Simulated Author's Rebuttal

2 responses · 0 unresolved

We thank the referee for the careful reading and constructive comments on our manuscript. We address each major comment below with clarifications on the compactness and limit passage arguments, indicating the revisions that will be incorporated.

read point-by-point responses
  1. Referee: [§4] §4 (passage to the limit via energy identity): the claim that the energy identity yields strong convergence of the velocity (weighted by density) does not automatically control possible oscillations or concentrations on the vacuum set {ρ=0}, where the polar decomposition is singular and the Bohm term may concentrate. Without an additional renormalized formulation or compensated-compactness argument, it is unclear whether the limit momentum equation holds in the distributional sense.
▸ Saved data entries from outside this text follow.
Lemma log_weight_le_Rpower_half c t :
  0 < c -> 0 < t <= 1 -> log_weight c t <= 2 / c * Rpower t (c / 2).
Proof.
  intros Hc Ht.
  assert (Hsplit : log_weight c t = Rpower t (c / 2) * log_weight (c / 2) t).
  { unfold log_weight. rewrite <- Rmult_assoc, <- Rpower_plus. do 2 f_equal. field. }
  rewrite Hsplit.
  destruct (log_weight_bounds (c / 2) t ltac:(lra) ltac:(lra)) as [_ Hle].
  pose proof (exp_pos (c / 2 * ln t)). fold (Rpower t (c / 2)) in *.
  replace (2 / c) with (/ (c / 2)) by (field; lra).
  rewrite Rmult_comm. apply Rmult_le_compat_r; lra.
Qed.

Lemma Rpower_small p eps : 0 < p -> 0 < eps ->
  exists d, 0 < d <= 1 /\ forall t, 0 < t < d -> Rpower t p < eps.
Proof.
  intros Hp Heps. exists (Rmin 1 (Rpower eps (/ p))).
  pose proof (exp_pos (/ p * ln eps)). fold (Rpower eps (/ p)) in *.
  split; [split; [apply Rmin_pos; lra | apply Rmin_l] |].
  intros t [Ht Htd].
  replace eps with (Rpower (Rpower eps (/ p)) p).
  - apply Rlt_Rpower_l; [exact Hp |].
    split; [exact Ht |]. eapply Rlt_le_trans; [exact Htd | apply Rmin_r].
  - rewrite Rpower_mult, Rinv_l by lra. apply Rpower_1, Heps.
Qed.

Lemma log_weight_continuous c t : 0 < c -> 0 <= t -> continuous (log_weight c) t.
Proof.
  intros Hc Ht. destruct (Req_dec t 0) as [-> | Ht0].
  2: { apply (ex_derive_continuous (log_weight c)). unfold log_weight, Rpower. auto_derive. lra. }
  apply continuity_pt_filterlim. intros eps Heps.
  destruct (Rpower_small (c / 2) (eps * c / 2)) as [d [Hd Hsmall]]; [lra | nra |].
  exists d. split; [lra |]. intros x [_ Hx]. simpl in *. unfold R_dist in *.
  rewrite (log_weight_nonpos_arg c 0), Rminus_0_r in * by lra.
  destruct (Rle_or_lt x 0) as [Hx0 | Hx0].
  { rewrite log_weight_nonpos_arg, Rabs_R0 by exact Hx0. exact Heps. }
  rewrite Rabs_pos_eq in Hx by lra.
  destruct (log_weight_bounds c x Hc ltac:(lra)) as [Hnn _].
  rewrite Rabs_pos_eq by exact Hnn.
  eapply Rle_lt_trans; [apply log_weight_le_Rpower_half; lra |].
  specialize (Hsmall x ltac:(lra)).
  apply (Rmult_lt_compat_l (2 / c)) in Hsmall; [| apply Rdiv_lt_0_compat; lra].
  replace (2 / c * (eps * c / 2)) with eps in Hsmall by (field; lra). exact Hsmall.
Qed.

Lemma J_integrand_continuous c w t :
  0 < c -> w <= 0 -> 0 <= t -> continuous (J_integrand c w) t.
Proof.
  intros Hc Hw Ht.
  apply (continuous_mult (log_weight c) (fun y => / (1 - w * y))).
  - apply log_weight_continuous; assumption.
  - apply (ex_derive_continuous (fun y => / (1 - w * y))). auto_derive. nra.
Qed.

Lemma ex_RInt_J_integrand c w u v :
  0 < c -> w <= 0 -> 0 <= u <= v -> ex_RInt (J_integrand c w) u v.
Proof.
  intros Hc Hw Huv. apply (@ex_RInt_continuous R_CompleteNormedModule).
  rewrite Rmin_left, Rmax_right by lra. intros z Hz.
  apply J_integrand_continuous; lra.
Qed.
    Authors: We appreciate the referee's point on potential issues at the vacuum set. The energy identity derived from the regularized logarithmic Schrödinger equation directly controls the term ∫ ρ |u|^2 dx uniformly, which yields strong convergence of √ρ u in L^2(𝕋^3) via the specific structure of the Madelung transform and the isothermal pressure. The polar decomposition is applied on the complement of the vacuum set {ρ=0}, whose measure is controlled by the energy bound; on the vacuum set itself the momentum ρu vanishes in the limit. The distributional momentum equation is recovered by testing against smooth compactly supported test functions, where the strong convergence allows passage to the limit in the convective and pressure terms without oscillations. We disagree that an additional compensated-compactness argument is required here, as the logarithmic approximation and energy identity already preclude concentrations. To make this explicit, we will add a clarifying paragraph in §4 detailing the vacuum handling. revision: partial

  2. Referee: [§3.2] §3.2 (a priori estimates for the regularized log-Schrödinger equation): the uniform bounds obtained from the regularized energy appear sufficient for weak compactness, but the precise dependence of the regularization parameter on the initial data must be tracked to guarantee that the limiting energy identity remains valid and does not introduce spurious vacuum contributions.
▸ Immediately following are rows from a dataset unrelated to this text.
(* For every domino tiling system $\mathcal{D}=(\mathrm{Col},\mathrm{T},\mathrm{white})$ there exists an $\mathcal{ALCO}^{r\#s\#}_{\mathsf{reg}}$-concept $C^{\mathcal{D}}_{\mathrm{snake}}$, using only the role name $r$, the individual names $\mathsf{ld},\mathsf{rd},\mathsf{lu},\mathsf{ru}$ and the concept names $C_t$ ($t\in\mathrm{T}$), such that for every interpretation $\mathcal{I}$: $\mathcal{I}$ is a $\mathcal{D}$-pseudosnake if and only if $(C^{\mathcal{D}}_{\mathrm{snake}})^{\mathcal{I}}\neq\emptyset$.
   Context: $\mathcal{ALCO}^{r\#s\#}_{\mathsf{reg}}$: concepts built from $\top$, concept names, nominals $\{a\}$ ($\{a\}^{\mathcal{I}}=\{a^{\mathcal{I}}\}$), $\neg$, $\sqcap$, $\exists p.C$ for role names $p$, and $\exists\mathcal{L}.C$ where $\mathcal{L}$ is either a regular language over role names and tests $A?$, or the language $\{r^ns^n\mid n\in\mathbb{N}\}$ for fixed role names $r$ (call) and $s$ (return); $(\exists\mathcal{L}.C)^{\mathcal{I}}$ is the set of elements from which there is a path reading a word of $\mathcal{L}$ (role letters follow edges, tests $A?$ stay in place at an element of $A^{\mathcal{I}}$) ending in $C^{\mathcal{I}}$. A domino tiling system is $\mathcal{D}=(\mathrm{Col},\mathrm{T},\mathrm{white})$ with $\mathrm{T}\subseteq\mathrm{Col}^4$ of tiles $(c_l,c_d,c_r,c_u)$ (throughout, no tile has more than two white sides). A tile is left-/down-/right-/up-border if $c_l$/$c_d$/$c_r$/$c_u$ is white; $t,t'$ are H-compatible if $c_r=c'_l$. An element carries $t$ if it lies in $C_t^{\mathcal{I}}$; the named elements are $\mathsf{ld}^{\mathcal{I}},\mathsf{rd}^{\mathcal{I}},\mathsf{lu}^{\mathcal{I}},\mathsf{ru}^{\mathcal{I}}$. $\mathcal{I}$ is a $\mathcal{D}$-pseudosnake if: (SPath) there is an $r^+$-path starting at $\mathsf{ld}^{\mathcal{I}}$, later passing $\mathsf{rd}^{\mathcal{I}}$, later $\mathsf{lu}^{\mathcal{I}}$, ending at $\mathsf{ru}^{\mathcal{I}}$; (SNoLoop) no named element $r^+$-reaches itself; (SUniqTil) every element $r^*$-reachable from $\mathsf{ld}^{\mathcal{I}}$ carries exactly one tile; (SSpecTil) the named elements are exactly the elements $r^*$-reachable from $\mathsf{ld}^{\mathcal{I}}$ carrying a tile with two white sides, and $\mathsf{ld}^{\mathcal{I}},\mathsf{rd}^{\mathcal{I}},\mathsf{lu}^{\mathcal{I}},\mathsf{ru}^{\mathcal{I}}$ carry respectively a left-and-down-border, right-and-down-border, left-and-up-border, right-and-up-border tile; (SHori) every element $d\neq\mathsf{ru}^{\mathcal{I}}$ $r^*$-reachable from $\mathsf{ld}^{\mathcal{I}}$ carrying $t=(c_l,c_d,c_r,c_u)$ has a tile $t'=(c'_l,c'_d,c'_r,c'_u)$ carried by all its $r$-successors with (i) $t,t'$ H-compatible, (ii) if $c_d$ is white then ($c_r$ not white iff $c'_d$ white), (iii) if $c_u$ white then $c'_u$ white. *)

From mathcomp Require Import all_boot.
From Stdlib Require Import Relations.

Set Implicit Arguments.
Unset Strict Implicit.
Unset Printing Implicit Defensive.

Inductive letter (CN RN : Type) : Type :=
| LRole of RN
| LTest of CN.

Inductive regex (CN RN : Type) : Type :=
| RVoid
| REps
| RLet of letter CN RN
| RCat of regex CN RN & regex CN RN
| RAlt of regex CN RN & regex CN RN
| RStar of regex CN RN.

Inductive matches (CN RN : Type) : regex CN RN -> seq (letter CN RN) -> Prop :=
| m_eps : matches (REps CN RN) [::]
| m_let l : matches (RLet l) [:: l]
| m_cat e1 e2 w1 w2 : matches e1 w1 -> matches e2 w2 -> matches (RCat e1 e2) (w1 ++ w2)
| m_altl e1 e2 w : matches e1 w -> matches (RAlt e1 e2) w
| m_altr e1 e2 w : matches e2 w -> matches (RAlt e1 e2) w
| m_star0 e : matches (RStar e) [::]
| m_starS e w1 w2 : matches e w1 -> matches (RStar e) w2 -> matches (RStar e) (w1 ++ w2).

(* the languages allowed in existential restrictions: a regular language,
   or the non-regular language { r^n s^n | n } for the fixed roles r, s *)
Inductive lang (CN RN : Type) : Type :=
| LReg of regex CN RN
| LNest.

Definition in_lang (CN RN : Type) (r s : RN) (L : lang CN RN)
  (w : seq (letter CN RN)) : Prop :=
  match L with
  | LReg e => matches e w
  | LNest => exists n, w = nseq n (LRole CN r) ++ nseq n (LRole CN s)
  end.

Inductive concept (CN RN IN : Type) : Type :=
| CTop
| CName of CN
| CNom of IN
| CNeg of concept CN RN IN
| CAnd of concept CN RN IN & concept CN RN IN
| CExRole of RN & concept CN RN IN
| CExLang of lang CN RN & concept CN RN IN.

Record interp (CN RN IN : Type) (D : Type) : Type := Interp {
  cI : CN -> D -> Prop;
  rI : RN -> D -> D -> Prop;
  iI : IN -> D
}.

Fixpoint reads (CN RN IN D : Type) (I : interp CN RN IN D)
  (w : seq (letter CN RN)) (x y : D) : Prop :=
  match w with
  | [::] => x = y
  | LRole p :: w' => exists z, rI I p x z /\ reads I w' z y
  | LTest A :: w' => cI I A x /\ reads I w' x y
  end.

Fixpoint sem (CN RN IN D : Type) (r s : RN) (I : interp CN RN IN D)
  (C : concept CN RN IN) (x : D) : Prop :=
  match C with
  | CTop => True
  | CName A => cI I A x
  | CNom a => x = iI I a
  | CNeg C1 => ~ sem r s I C1 x
  | CAnd C1 C2 => sem r s I C1 x /\ sem r s I C2 x
  | CExRole p C1 => exists y, rI I p x y /\ sem r s I C1 y
  | CExLang L C1 => exists w y, in_lang r s L w /\ reads I w x y /\ sem r s I C1 y
  end.

Definition letter_ok (CN RN : Type) (PC : CN -> Prop) (PR : RN -> Prop)
  (l : letter CN RN) : Prop :=
  match l with LRole p => PR p | LTest A => PC A end.

Fixpoint regex_ok (CN RN : Type) (PC : CN -> Prop) (PR : RN -> Prop)
  (e : regex CN RN) : Prop :=
  match e with
  | RVoid | REps => True
  | RLet l => letter_ok PC PR l
  | RCat e1 e2 | RAlt e1 e2 => regex_ok PC PR e1 /\ regex_ok PC PR e2
  | RStar e1 => regex_ok PC PR e1
  end.

Definition lang_ok (CN RN : Type) (r s : RN) (PC : CN -> Prop) (PR : RN -> Prop)
  (L : lang CN RN) : Prop :=
  match L with LReg e => regex_ok PC PR e | LNest => PR r /\ PR s end.

Fixpoint uses_only (CN RN IN : Type) (r s : RN) (PC : CN -> Prop)
  (PR : RN -> Prop) (PI : IN -> Prop) (C : concept CN RN IN) : Prop :=
  match C with
  | CTop => True
  | CName A => PC A
  | CNom a => PI a
  | CNeg C1 => uses_only r s PC PR PI C1
  | CAnd C1 C2 => uses_only r s PC PR PI C1 /\ uses_only r s PC PR PI C2
  | CExRole p C1 => PR p /\ uses_only r s PC PR PI C1
  | CExLang L C1 => lang_ok r s PC PR L /\ uses_only r s PC PR PI C1
  end.

Notation tile Col := (Col * Col * Col * Col)%type.

Section Tiles.
Variable Col : eqType.
Definition c_l (t : tile Col) : Col := t.1.1.1.
Definition c_d (t : tile Col) : Col := t.1.1.2.
Definition c_r (t : tile Col) : Col := t.1.2.
Definition c_u (t : tile Col) : Col := t.2.

Definition nwhite (white : Col) (t : tile Col) : nat :=
  (c_l t == white) + (c_d t == white) + (c_r t == white) + (c_u t == white).

Definition H_compatible (t t' : tile Col) : Prop := c_r t = c_l t'.
End Tiles.

Section Snake.
Variables (Col : finType) (T : {set tile Col}) (white : Col).
Variables (CN RN IN : Type) (r : RN) (Ct : tile Col -> CN) (ld rd lu ru : IN).
Variables (D : Type) (I : interp CN RN IN D).

Let R := rI I r.
Let ldI := iI I ld.
Let rdI := iI I rd.
Let luI := iI I lu.
Let ruI := iI I ru.

Definition reachable (d : D) : Prop := clos_refl_trans D R ldI d.
Definition carries (t : tile Col) (d : D) : Prop := cI I (Ct t) d.
Definition named (d : D) : Prop := d = ldI \/ d = rdI \/ d = luI \/ d = ruI.

Definition SPath : Prop :=
  clos_trans D R ldI rdI /\ clos_trans D R rdI luI /\ clos_trans D R luI ruI.

Definition SNoLoop : Prop :=
  forall d, named d -> ~ clos_trans D R d d.

Definition SUniqTil : Prop :=
  forall d, reachable d ->
    exists t, [/\ t \in T, carries t d &
                  forall t', t' \in T -> carries t' d -> t' = t].

Definition SSpecTil : Prop :=
  (forall d, named d <->
     (reachable d /\ exists t, [/\ t \in T, carries t d & nwhite white t = 2]))
  /\ (exists t, [/\ t \in T, carries t ldI, c_l t = white & c_d t = white])
  /\ (exists t, [/\ t \in T, carries t rdI, c_r t = white & c_d t = white])
  /\ (exists t, [/\ t \in T, carries t luI, c_l t = white & c_u t = white])
  /\ (exists t, [/\ t \in T, carries t ruI, c_r t = white & c_u t = white]).

Definition SHori : Prop :=
  forall d, reachable d -> d <> ruI ->
  forall t, t \in T -> carries t d ->
    exists t', [/\ t' \in T,
      (forall e, R d e -> carries t' e),
      H_compatible t t',
      (c_d t = white -> (c_r t <> white <-> c_d t' = white)) &
      (c_u t = white -> c_u t' = white)].

Definition pseudosnake : Prop :=
  [/\ SPath, SNoLoop, SUniqTil, SSpecTil & SHori].
End Snake.

From Stdlib Require Import Relations Classical.
From mathcomp Require Import all_boot.

Set Implicit Arguments.
Unset Strict Implicit.
Unset Printing Implicit Defensive.

(* Every condition of a pseudosnake is either about the four named elements,
   which the concept reaches from [ld] through nominals and [r*]/[r+]
   restrictions, or is a local tiling condition at one element, which is
   imposed on everything [r*]-reachable from [ld] by a universal [r*]
   restriction; the conjunct [{ld}] pins the witness of non-emptiness to [ld].
   Uniqueness of tiles, the horizontal successor condition and the corner
   types are finite Boolean combinations over the tile set. *)

Section DerivedConstructors.
Variables CN RN IN : Type.
Implicit Types (C : concept CN RN IN) (p : RN).

Definition cBot : concept CN RN IN := CNeg (CTop CN RN IN).
Definition cOr C1 C2 := CNeg (CAnd (CNeg C1) (CNeg C2)).
Definition cImp C1 C2 := CNeg (CAnd C1 (CNeg C2)).
Definition cAll p C := CNeg (CExRole p (CNeg C)).
Definition cBigOr (A : Type) (l : seq A) (f : A -> concept CN RN IN) :=
  foldr (fun a C => cOr (f a) C) cBot l.
Definition cBigAnd (A : Type) (l : seq A) (f : A -> concept CN RN IN) :=
  foldr (fun a C => CAnd (f a) C) (CTop CN RN IN) l.
Definition cExStar p C := CExLang (LReg (RStar (RLet (LRole CN p)))) C.
Definition cExPlus p C := CExRole p (cExStar p C).
Definition cAllStar p C := CNeg (cExStar p (CNeg C)).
    Authors: The regularization parameter ε is selected depending on the initial data so that the regularized energy remains bounded by a constant depending only on the initial energy E_0. In §3.2 the estimates (3.5)–(3.8) track this dependence explicitly: the constants in the uniform bounds for the kinetic, potential, and Bohm terms are independent of ε and do not introduce extra vacuum contributions in the limit. The energy identity passes to the limit because the regularization terms vanish strongly in the appropriate spaces. We agree that a more detailed tracking of the ε-dependence would enhance clarity and will revise §3.2 accordingly. revision: yes

Circularity Check

0 steps flagged

No circularity; standard approximation and compactness argument

full rationale

The derivation proceeds from a regularized logarithmic Schrödinger equation to weak solutions of the quantum isothermal Euler system via the Madelung transform, polar decomposition, and compactness arguments, with an energy identity invoked only to upgrade weak convergence of hydrodynamic variables. No step reduces a claimed result to its own inputs by definition, fitted-parameter renaming, or load-bearing self-citation; the argument relies on external functional-analytic tools and is self-contained against standard benchmarks for such limit passages.

Axiom & Free-Parameter Ledger

0 free parameters · 1 axioms · 0 invented entities

Abstract-only review; the construction rests on standard PDE existence and convergence assumptions for the approximating Schrödinger equation.

axioms (1)
  • domain assumption Solutions to the regularized logarithmic Schrödinger equation exist and admit a Madelung transform yielding hydrodynamic variables with sufficient regularity for compactness.
    Invoked to initiate the approximation and pass to the limit.